Kinjo Akira R, Nakamura Haruki
Institute for Protein Research, Osaka University, Suita, Osaka, 565-0871, Japan.
Biophysics (Nagoya-shi). 2007 Dec 28;3:75-84. doi: 10.2142/biophysics.3.75. eCollection 2007.
A method to search for local structural similarities in proteins at atomic resolution is presented. It is demonstrated that a huge amount of structural data can be handled within a reasonable CPU time by using a conventional relational database management system with appropriate indexing of geometric data. This method, which we call geometric indexing, can enumerate ligand binding sites that are structurally similar to sub-structures of a query protein among more than 160,000 possible candidates within a few hours of CPU time on an ordinary desktop computer. After detecting a set of high scoring ligand binding sites by the geometric indexing search, structural alignments at atomic resolution are constructed by iteratively applying the Hungarian algorithm, and the statistical significance of the final score is estimated from an empirical model based on a gamma distribution. Applications of this method to several protein structures clearly shows that significant similarities can be detected between local structures of non-homologous as well as homologous proteins.

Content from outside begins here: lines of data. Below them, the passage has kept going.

Lemma beta_n_dual (R : realType) (T : finType) (term wwin : pred T) (wopt bopt : rel T) n P :
  @beta_n R T term wwin wopt bopt n P =
  1 - @alpha_n R T term (fun Q => ~~ wwin Q) bopt wopt n P.
Proof.
rewrite /beta_n /alpha_n; elim: n P => [|n IHn] P /=.
  by case: (term P); [case: (wwin P) | ]; rewrite /= ?subr0 ?subrr.
case: (term P); first by case: (wwin P); rewrite /= ?subr0 ?subrr.
under eq_bigr do rewrite IHn.
under [X in _ + X]eq_bigr do rewrite IHn.
rewrite -(big_morph (fun v : R => 1 - v) (subr_minr _ 1) (subrr 1)).
rewrite -(big_morph (fun v : R => 1 - v) (subr_maxr _ 1) (subr0 1)).
lra.
Qed.

Lemma beta_dual (R : realType) (T : finType) (term wwin : pred T) (wopt bopt : rel T) P :
  @beta R T term wwin wopt bopt P =
  1 - @alpha R T term (fun Q => ~~ wwin Q) bopt wopt P.
Proof.
apply: cvg_lim => //.
have -> : @beta_n R T term wwin wopt bopt ^~ P =
          fun n => 1 - @alpha_n R T term (fun Q => ~~ wwin Q) bopt wopt n P.
  by apply: funext => n; exact: beta_n_dual.
by apply: cvgB; [exact: cvg_cst | exact: alpha_n_cvg].
Qed.

Theorem proposition1 (R : realType) (T : finType) (term wwin : pred T)
    (wopt bopt : rel T)
    (hW : forall P : T, ~~ term P -> exists Q : T, wopt P Q)
    (hB : forall P : T, ~~ term P -> exists Q : T, bopt P Q) :
  forall P : T,
    (exists q : rat, @alpha R T term wwin wopt bopt P = ratr q) /\
    (exists q : rat, @beta R T term wwin wopt bopt P = ratr q).
Proof.
move=> P; split; first exact: (alpha_rat R wwin hW hB P).
have [q alpha_q] := alpha_rat R (fun Q => ~~ wwin Q) hB hW P.
by exists (1 - q); rewrite beta_dual alpha_q rmorphB rmorph1.
Qed.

本文提出了一种在原子分辨率下搜索蛋白质局部结构相似性的方法。结果表明,通过使用具有适当几何数据索引的传统关系数据库管理系统,可以在合理的CPU时间内处理大量的结构数据。我们将这种方法称为几何索引,它可以在普通台式计算机上几个小时的CPU时间内,在超过160,000个可能的候选物中枚举与查询蛋白质的子结构在结构上相似的配体结合位点。通过几何索引搜索检测到一组高分配体结合位点后,通过迭代应用匈牙利算法构建原子分辨率下的结构比对,并根据基于伽马分布的经验模型估计最终得分的统计显著性。该方法在几种蛋白质结构上的应用清楚地表明,在非同源以及同源蛋白质的局部结构之间可以检测到显著的相似性。